:: Source data

Lemma trb_GfunD lam x e : lam \in in_sub k -> e \in in_sub k ->
  trb k (lam * G (x + e)) = trb k (lam * G x) (+) trb k (e * Ggrad lam x).
Proof.
move=> lamK eK; have GK := Gfun_in_sub.
have -> : lam * G (x + e) = lam * G x + lam * (G (x + e) + G x).
  by rewrite mulrDr addrCA addrr_pchar2 // addr0.
rewrite trbkD ?in_subM ?in_subD //; congr (_ (+) _).
rewrite -(trb_exp2n_in_sub cardL r) ?in_subM ?in_subD // exprMn (exp2nD L2).
rewrite Gfun_exp2r_shift //.
rewrite /Ggrad !mulrDr !trbkD ?in_subM ?in_subX ?trLK_in_sub //; congr (_ (+) _).
  by rewrite mulrCA.
by rewrite -exprMn (trb_exp2n_in_sub cardL) ?in_subM // mulrC.
Qed.

Lemma Ggrad_inj lam x y : coprime r k -> lam \in in_sub k -> lam != 0 ->
  Ggrad lam x = Ggrad lam y -> T x = T y.
Proof.
move=> rk lamK lam0 /addIr/(mulfI (expf_neq0 _ lam0)).
exact: in_sub_expr_inj r_gt0 rk (trLK_in_sub cardL x) (trLK_in_sub cardL y).
Qed.

Lemma Ggrad_third_diff lam x y :
  Ggrad lam (x + y) + Ggrad lam x + Ggrad lam y + Ggrad lam 0 =
  lam ^+ (2 ^ r) * (T (x + y) ^+ d + T x ^+ d + T y ^+ d).
Proof.
have T0 : T 0 = 0 by apply/eqP; rewrite trLK_eq0 ?in_sub0.
have d0 : (0 < d)%N by rewrite -ltnS prednK ?expn_gt0 // (ltn_exp2l 0).
rewrite /Ggrad T0 expr0n (gtn_eqF d0) mulr0 add0r.
transitivity (lam ^+ (2 ^ r) * (T (x + y) ^+ d + T x ^+ d + T y ^+ d) + 2 * (2 * lam)).
  by ring.
by rewrite mul2r_eq0 // addr0.
Qed.

Variable u : 'I_k -> L.
Hypothesis u_basis : is_F2_basis u.
Let k_gt0 : (0 < k)%N := leq_trans r_gt0 r_le_k.

Variable g : L -> bool.
Hypothesis g_shift : forall x e, e \in in_sub k -> g (x + e) = g x.

Lemma Gcomponent_plateaued lam : coprime r k -> lam \in in_sub k -> lam != 0 ->
  plateaued (2 * k) (fun x => trb k (lam * G x) (+) g x).
Proof.
move=> rk lamK lam0; exists k; split; [lia | lia | move=> a].
pose c x := Ggrad lam x + T a.
have cK x : c x \in in_sub k by rewrite in_subD ?Ggrad_in_sub ?trLK_in_sub.
pose phi x := trb k (lam * G x) (+) g x (+) trb (2 * k) (a * x).
have phiD x e : e \in in_sub k -> phi (x + e) = phi x (+) trb k (e * c x).
  move=> eK; rewrite /phi trb_GfunD // g_shift // trb2k_shift // /c (mulrDr e (Ggrad lam x)).
  rewrite trbkD ?in_subM ?Ggrad_in_sub ?trLK_in_sub //.
  by do 2 case: (trb k (e * _)); do 2 case: (trb _ _); case: (g x).
rewrite /walsh -/phi (sum_sign_collapse cardL u_basis k_gt0 cK phiD).
have [x0 /eqP cx0 | c_ne0] := pickP (fun x => c x == 0); last by rewrite big_pred0.
rewrite (eq_bigl (fun x => T x == T x0)) => [|x]; last first.
  rewrite -cx0 /c (inj_eq (addIr _)); apply/eqP/eqP => [|/eqP]; first exact: Ggrad_inj.
  by rewrite /Ggrad => /eqP ->.
rewrite (sum_sign_trLK_fibre cardL u_basis) => [|e eK]; last first.
  by rewrite phiD // cx0 mulr0 trb0 addbF.
by apply/orP; right; case: (phi x0); rewrite ?mulN1r ?mul1r ?abszN natz.
Qed.

Lemma Gcomponent_not_null_third_derivs lam : (1 < r)%N -> (r < k)%N ->
  lam \in in_sub k -> lam != 0 ->
  ~ null_third_derivs (fun x => trb k (lam * G x) (+) g x).
Proof.
move=> r1 rk lamK lam0 g3.
have additive (s t : L) : s \in in_sub k -> t \in in_sub k -> (s + t) ^+ d = s ^+ d + t ^+ d.
  move=> sK tK; have [x <-] := trLK_surj cardL u_basis k_gt0 sK.
  have [y <-] := trLK_surj cardL u_basis k_gt0 tK.
  have gD z e : e \in in_sub k -> trb k (lam * G (z + e)) (+) g (z + e) =
      trb k (lam * G z) (+) g z (+) trb k (e * Ggrad lam z).
    by move=> eK; rewrite trb_GfunD // g_shift // addbAC.
  have GgK z : Ggrad lam z \in in_sub k by exact: Ggrad_in_sub.
  have := shift_null_third_derivs cardL u_basis k_gt0 x y g3 GgK gD.
  move/eqP; rewrite Ggrad_third_diff mulf_eq0 expf_eq0 (negbTE lam0) andbF /=.
  by rewrite (trLKD cardL) => sum0; apply/eqP; rewrite -subr_eq0 (oppr_pchar2 L2) addrA.
have fixed (s : L) : s \in in_sub k -> s ^+ d = s.
  by move=> sK; apply: (exp2n1_fixed L2); rewrite additive ?in_sub1 // expr1n.
have d1 : (1 < d)%N by rewrite -ltnS prednK ?expn_gt0 // (ltn_exp2l 1).
have := exp_fixed_in_sub_ge cardL u_basis d1 fixed.
by rewrite leqNgt -ltnS prednK ?expn_gt0 // (leq_trans _ (leqnSn _)) // ltn_exp2l.
Qed.

End GComponents.

Lemma eq_plateaued (L : finFieldType) n (g1 g2 : L -> bool) :
  g1 =1 g2 -> plateaued n g1 -> plateaued n g2.
Proof.
move=> g12 [s [ns sn Ws]]; exists s; split=> // a.
by have -> : walsh n g2 a = walsh n g1 a by apply: eq_bigr => x _; rewrite g12.
Qed.

Lemma ffun_of_shift (L : finFieldType) k (u : 'I_k -> L) (P : reduced_poly k) x e :
  #|L| = (2 ^ (2 * k))%N -> is_F2_basis u -> e \in in_sub k ->
  ffun_of (2 * k) u P (x + e) = ffun_of (2 * k) u P x.
Proof.
move=> cardL [uK _ _] eK.
have shift j : trb (2 * k) (u j * (x + e)) = trb (2 * k) (u j * x).
  have /eqP ue0 : trLK k (u j * e) == 0 by rewrite (trLK_eq0 cardL) in_subM //; apply: uK.
  by rewrite mulrDr (trb2kD cardL) (trb_trLK cardL (u j * e)) ue0 trb0 addbF.
by apply: eq_bigr => S _; under eq_forallb => j do rewrite shift.
Qed.

Theorem corollary7 (L : finFieldType) (k r t : nat)
  (u : 'I_k -> L) (F : 'I_t -> reduced_poly k) :
  #|L| = (2 ^ (2 * k))%N ->
  (1 < r)%N -> (r < k)%N -> coprime r k ->
  is_F2_basis u ->
  (0 < t)%N ->
  let n := (2 * k)%N in
  let f := fun i => ffun_of n u (F i) in
  (H_vplateaued n k r f <-> f_vplateaued n f) /\
  ((2 < k)%N -> (forall i, deg_le n 2 (f i)) ->
     H_vplateaued n k r f /\ ~ H_quadratic n k r f).
Proof.
move=> cardL r1 rk rk_coprime u_basis _ n f.
have [r0 rk'] : (0 < r)%N /\ (r <= k)%N by split; apply: ltnW.
have L2 : 2%N \in [pchar L] := card_finPcharP cardL (isT : prime 2).
have f_shift v x e : e \in in_sub k -> fcomp f v (x + e) = fcomp f v x.
  by move=> eK; apply: eq_bigr => i _; rewrite /f ffun_of_shift.
have H0 v : fcomp f v =1 Hcomp k r f 0 v by move=> x; rewrite /Hcomp mul0r trb0.
have f_to_H : f_vplateaued n f -> H_vplateaued n k r f.
  move=> fP lam v lamK; have [-> [/eqP // | /fP fvP] | lam0 _] := eqVneq lam 0.
    exact: eq_plateaued (H0 v) fvP.
  exact: (Gcomponent_plateaued cardL r0 rk' u_basis (f_shift v)).
split.
  split=> [HP v v_ne0 | ]; last exact: f_to_H.
  exact: eq_plateaued (fsym (H0 v)) (HP 0 v (in_sub0 _ _) (or_intror v_ne0)).
move=> _ f_quad; split.
  apply: f_to_H => v _; apply: (null_third_derivs_plateaued cardL).
  apply: (null_third_derivs_fcomp L2) => i.
  exact: (deg_le2_null_third_derivs L2 (f_quad i)).
move=> /(_ 1 (fun=> false) (in_sub1 _ _) (or_introl (oner_neq0 _))).
move=> /(deg_le2_null_third_derivs L2).
exact: (Gcomponent_not_null_third_derivs cardL r0 rk' u_basis (f_shift _) r1 rk
  (in_sub1 _ _) (oner_neq0 _)).
Qed.
Lemma abs_continuous_ae_nonincreasing (f : R -> R) (a b : R) :
  a <= b -> abs_continuous_on f a b ->
  {ae mu, forall x, x \in `[a, b] -> exists2 d, d <= 0 & is_derive x 1 f d} ->
  f b <= f a.
Proof.
move=> ab fac fD; apply/ler_addgt0Pr => e e0.
pose e1 := e / (b - a + 1).
have ba1 : 0 < b - a + 1 by lra.
have e1_gt0 : 0 < e1 by rewrite divr_gt0.
have [d d_gt0 fd] := abs_continuous_on_seq fac e1_gt0.
(* [{ae mu, P}] is by definition [mu.-negligible (~` [set x | P x])]. *)
have [U [oU NU muU]] := negligible_open_cover fD d_gt0.
have fDU c : a <= c <= b -> ~ U c -> exists2 g, g <= 0 & is_derive c 1 f g.
  by move=> cab /(contra_not (@NU c)) /contrapT; apply; rewrite in_itv.
have [s [sab snov sU] fb] := increment_bound_right_end e1_gt0 oU fDU ab.
have len_d : \sum_(p <- s) (p.2 - p.1) < d.
  rewrite -lte_fin; apply: le_lt_trans muU.
  apply: lebesgue_measure_nonoverlapping => //; first exact: open_measurable.
  by apply: sub_all sab => p /andP[/andP[]].
have := fd s sab snov len_d.
have : \sum_(p <- s) (f p.2 - f p.1) <= \sum_(p <- s) `|f p.2 - f p.1|.
  by apply: ler_sum => p _; exact: ler_norm.
have : e1 * (b - a) + e1 = e by rewrite /e1; field; rewrite gt_eqF.
lra.
Qed.

End monotonicity.

Section prefix_sum.
Variable R : numDomainType.

Definition prefix_sum n (c : 'I_n -> R) (i : nat) : R :=
  \sum_(j < n | (j <= i)%N) c j.

Lemma prefix_sum_total n (c : 'I_n -> R) i : (n <= i.+1)%N ->
  prefix_sum c i = \sum_(j < n) c j.
Proof. by move=> ni; apply: eq_bigl => j; rewrite -ltnS (leq_trans _ ni). Qed.
Lemma construction_quadruple (M L : Zsqrt) :
  residue M = (1, 1) -> L <> 0%zs ->
  D_quadruple 10 (n_of M L) M (quad_B M L) (quad_C M L) (quad_D M L).
Proof.
  intros HM HL.
  destruct (residue_affine M HM) as [H4 H9].
  assert (HB : residue (quad_B M L) = (1, 1)) by now rewrite quad_B_form, residue_shift.
  assert (HC : residue (quad_C M L) = (2, 0)) by now rewrite quad_C_form, residue_shift.
  assert (HD : residue (quad_D M L) = (2, 1)) by now rewrite quad_D_form, residue_shift.
  (* B and M share their residue; B - M = 12 L W where W has rational part 2 mod 3. *)
  assert (HBM : M <> quad_B M L).
  { rewrite quad_B_form; set (V := (M + 9 * L * M)%zs).
    replace (3 * M + 27 * L * M + 2)%zs with (2 + 3 * V)%zs by (unfold V; ring).
    intro HMB.
    assert (H0 : (12 * (L * (2 + 3 * V)))%zs = 0%zs).
    { transitivity ((M + 12 * (L * (2 + 3 * V))) - M)%zs; [ring|].
      rewrite <- HMB; ring. }
    apply zs_integral in H0 as [H12|H0]; [discriminate|].
    apply zs_integral in H0 as [H0|H0]; [contradiction|].
    (* the rational part of 2 + 3 V is 2 modulo 3 *)
    destruct V as [a b]; apply (f_equal re) in H0.
    unfold zs_add, zs_mul in H0; cbn [re im] in H0; lia. }
  split; [|split; [|exact (construction_squares M L)]].
  - apply nodup4; trivial; intro E;
      apply (f_equal residue) in E; congruence.
  - repeat (apply Forall_cons;
      [intro E; apply (f_equal residue) in E; rewrite residue_zero in E; congruence|]).
    apply Forall_nil.
Qed.

(* The unit 721 + 228 sqrt 10 = unit_of L0 has norm 1; unit_of (unit_L j) is its
   (j+1)-th power. *)
Definition L0 : Zsqrt := mkZs 60 19.

Fixpoint unit_L (j : nat) : Zsqrt :=
  match j with
  | O => L0
  | S j => (L0 + unit_L j + 12 * L0 * unit_L j)%zs
  end.

Lemma unit_L_succ (j : nat) :
  unit_of (unit_L (S j)) = (mkZs 721 228 * unit_of (unit_L j))%zs.
Proof.
  transitivity (unit_of L0 * unit_of (unit_L j))%zs; [|reflexivity].
  unfold unit_of; cbn [unit_L]; ring.
Qed.

Lemma unit_L_norm (j : nat) : zs_norm (unit_of (unit_L j)) = 1.
Proof.
  induction j as [|j IH]; [reflexivity|].
  rewrite unit_L_succ, zs_norm_mul, IH; reflexivity.
Qed.

Lemma unit_L_bounds (j : nat) :
  721 <= re (unit_of (unit_L j)) /\ 0 <= im (unit_of (unit_L j)).
Proof.
  induction j as [|j IH]; [cbn; lia|].
  rewrite unit_L_succ; destruct (unit_of (unit_L j)) as [a b].
  unfold zs_mul; cbn [re im] in *; lia.
Qed.

Lemma unit_L_increasing (i j : nat) :
  (i < j)%nat -> re (unit_of (unit_L i)) < re (unit_of (unit_L j)).
Proof.
  induction 1 as [|j _ IH];
    [pose proof (unit_L_bounds i) as Hb; rewrite unit_L_succ
    |pose proof (unit_L_bounds j) as Hb; rewrite unit_L_succ];
    destruct (unit_of (unit_L _)) as [a b]; unfold zs_mul; cbn [re im] in *; lia.
Qed.

Lemma unit_L_injective (i j : nat) : unit_of (unit_L i) = unit_of (unit_L j) -> i = j.
Proof.
  intro E; destruct (Nat.lt_trichotomy i j) as [Hij|[Hij|Hij]]; trivial;
    apply unit_L_increasing in Hij; rewrite E in Hij; lia.
Qed.

Lemma unit_L_nonzero (j : nat) : unit_L j <> 0%zs.
Proof.
  intro E; pose proof (unit_L_bounds j) as [Hre _].
  rewrite E in Hre; cbn in Hre; lia.
Qed.

Section Realisation.

Variable Y : Zsqrt.
Hypothesis HY : residue Y = (1, 1).

(* M_j = Y * conj U_j, so that U_j M_j = Y N(U_j) = Y. *)
Definition M_of (j : nat) : Zsqrt := (Y * zs_conj (unit_of (unit_L j)))%zs.

Lemma unit_mul_M_of (j : nat) : (unit_of (unit_L j) * M_of j)%zs = Y.
Proof.
  unfold M_of; set (U := unit_of (unit_L j)).
  transitivity (Y * (U * zs_conj U))%zs; [ring|].
  rewrite zs_mul_conj; unfold U; rewrite unit_L_norm.
  change (zs_of_Z 1) with 1%zs; ring.
Qed.

Lemma n_of_M_of (j : nat) : n_of (M_of j) (unit_L j) = (4 + 4 * Y)%zs.
Proof.
  transitivity (4 + 4 * (unit_of (unit_L j) * M_of j))%zs; [unfold n_of; ring|].
  rewrite unit_mul_M_of; reflexivity.
Qed.

(* Since conj U_j = 1 + 12 conj L_j, M_j is congruent to Y modulo 12. *)
Lemma M_of_residue (j : nat) : residue (M_of j) = (1, 1).
Proof.
  unfold M_of, unit_of; rewrite zs_conj_affine.
  replace (Y * (1 + 12 * zs_conj (unit_L j)))%zs
    with (Y + 12 * (Y * zs_conj (unit_L j)))%zs by ring.
  rewrite residue_shift; exact HY.
Qed.

Lemma M_of_injective (i j : nat) : M_of i = M_of j -> i = j.
Proof.
  intro E; apply unit_L_injective.
  assert (H0 : ((unit_of (unit_L i) - unit_of (unit_L j)) * M_of i)%zs = 0%zs).
  { transitivity (unit_of (unit_L i) * M_of i - unit_of (unit_L j) * M_of j)%zs;
      [rewrite E; ring|].
    rewrite !unit_mul_M_of; ring. }
  apply zs_integral in H0 as [H0|H0].
  - transitivity ((unit_of (unit_L i) - unit_of (unit_L j)) + unit_of (unit_L j))%zs;
      [ring|rewrite H0; ring].
  - (* M_i has residue (1, 1), hence is non-zero *)
    apply (f_equal residue) in H0; rewrite M_of_residue in H0; discriminate.
Qed.

End Realisation.

Lemma injective_escapes {A : Type} (f : nat -> A) :
  (forall i j, f i = f j -> i = j) -> forall l : list A, exists j, ~ In (f j) l.
Proof.
  intros Hinj l; apply not_all_not_ex; intro Hall.
  assert (Hincl : incl (map f (seq 0 (S (length l)))) l).
  { intros x Hx; apply in_map_iff in Hx as [j [<- _]]; exact (NNPP _ (Hall j)). }
  assert (Hnodup : NoDup (map f (seq 0 (S (length l)))))
    by (apply NoDup_map_NoDup_ForallPairs; [intros i j _ _; apply Hinj|apply seq_NoDup]).
  pose proof (NoDup_incl_length Hnodup Hincl) as Hlen.
  rewrite length_map, length_seq in Hlen; lia.
Qed.

Lemma infinitely_many_of_family (d : Z) (n : Zsqrt) (a b c e : nat -> Zsqrt) :
  (forall j, D_quadruple d n (a j) (b j) (c j) (e j)) ->
  (forall i j, a i = a j -> i = j) ->
  infinitely_many_D_quadruples d n.
Proof.
  intros Hquad Hinj F.
  destruct (injective_escapes a Hinj (concat F)) as [j Hj].
  exists (a j), (b j), (c j), (e j); split; [apply Hquad|].
  intros s Hs Hsame; apply Hj, in_concat.
  exists s; split; [exact Hs|apply Hsame; left; reflexivity].
Qed.

Lemma infinitely_many_of_residue (Y : Zsqrt) :
  residue Y = (1, 1) -> infinitely_many_D_quadruples 10 (4 + 4 * Y)%zs.
Proof.
  intro HY.
  apply (infinitely_many_of_family 10 _ (M_of Y)
           (fun j => quad_B (M_of Y j) (unit_L j)) (fun j => quad_C (M_of Y j) (unit_L j))
           (fun j => quad_D (M_of Y j) (unit_L j))); [|exact (M_of_injective Y HY)].
  intro j; rewrite <- (n_of_M_of Y j).
  apply construction_quadruple; [exact (M_of_residue Y HY j)|apply unit_L_nonzero].
Qed.

(* Both families have n = 4 + 4 Y with Y = (12 m + 4) + (6 k + 3) sqrt 10, resp.
   Y = (12 m + 10) + (6 k + 3) sqrt 10, of residue (1, 1). *)
Theorem mainTheorem4 :
  (forall m k : Z, m mod 5 = 0 -> k mod 5 = 2 ->
     infinitely_many_D_quadruples 10
       (mkZs (4 * (12 * m + 5)) (4 * (6 * k + 3)))) /\
  (forall m k : Z, m mod 5 = 2 -> k mod 5 = 2 ->
     infinitely_many_D_quadruples 10
       (mkZs (4 * (12 * m + 11)) (4 * (6 * k + 3)))).
Proof.
  split; intros m k _ _.
  - replace (mkZs (4 * (12 * m + 5)) (4 * (6 * k + 3)))
      with (4 + 4 * mkZs (12 * m + 4) (6 * k + 3))%zs by zs_componentwise.
    apply infinitely_many_of_residue.
    unfold residue; cbn [re im]; f_equal; Z.div_mod_to_equations; lia.
  - replace (mkZs (4 * (12 * m + 11)) (4 * (6 * k + 3)))
      with (4 + 4 * mkZs (12 * m + 10) (6 * k + 3))%zs by zs_componentwise.
    apply infinitely_many_of_residue.
    unfold residue; cbn [re im]; f_equal; Z.div_mod_to_equations; lia.
Qed.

::::

* _Your objective_: Out of the material above, output word for word the line with "apply: lebesgue_measure_nonoverlapping =>", the line with "Proof. by move=>", and all lines between them, with nothing else.

* _Output for this task_:
  apply: lebesgue_measure_nonoverlapping => //; first exact: open_measurable.
  by apply: sub_all sab => p /andP[/andP[]].
have := fd s sab snov len_d.
have : \sum_(p <- s) (f p.2 - f p.1) <= \sum_(p <- s) `|f p.2 - f p.1|.
  by apply: ler_sum => p _; exact: ler_norm.
have : e1 * (b - a) + e1 = e by rewrite /e1; field; rewrite gt_eqF.
lra.
Qed.

End monotonicity.

Section prefix_sum.
Variable R : numDomainType.

Definition prefix_sum n (c : 'I_n -> R) (i : nat) : R :=
  \sum_(j < n | (j <= i)%N) c j.

Lemma prefix_sum_total n (c : 'I_n -> R) i : (n <= i.+1)%N ->
  prefix_sum c i = \sum_(j < n) c j.
Proof. by move=> ni; apply: eq_bigl => j; rewrite -ltnS (leq_trans _ ni). Qed.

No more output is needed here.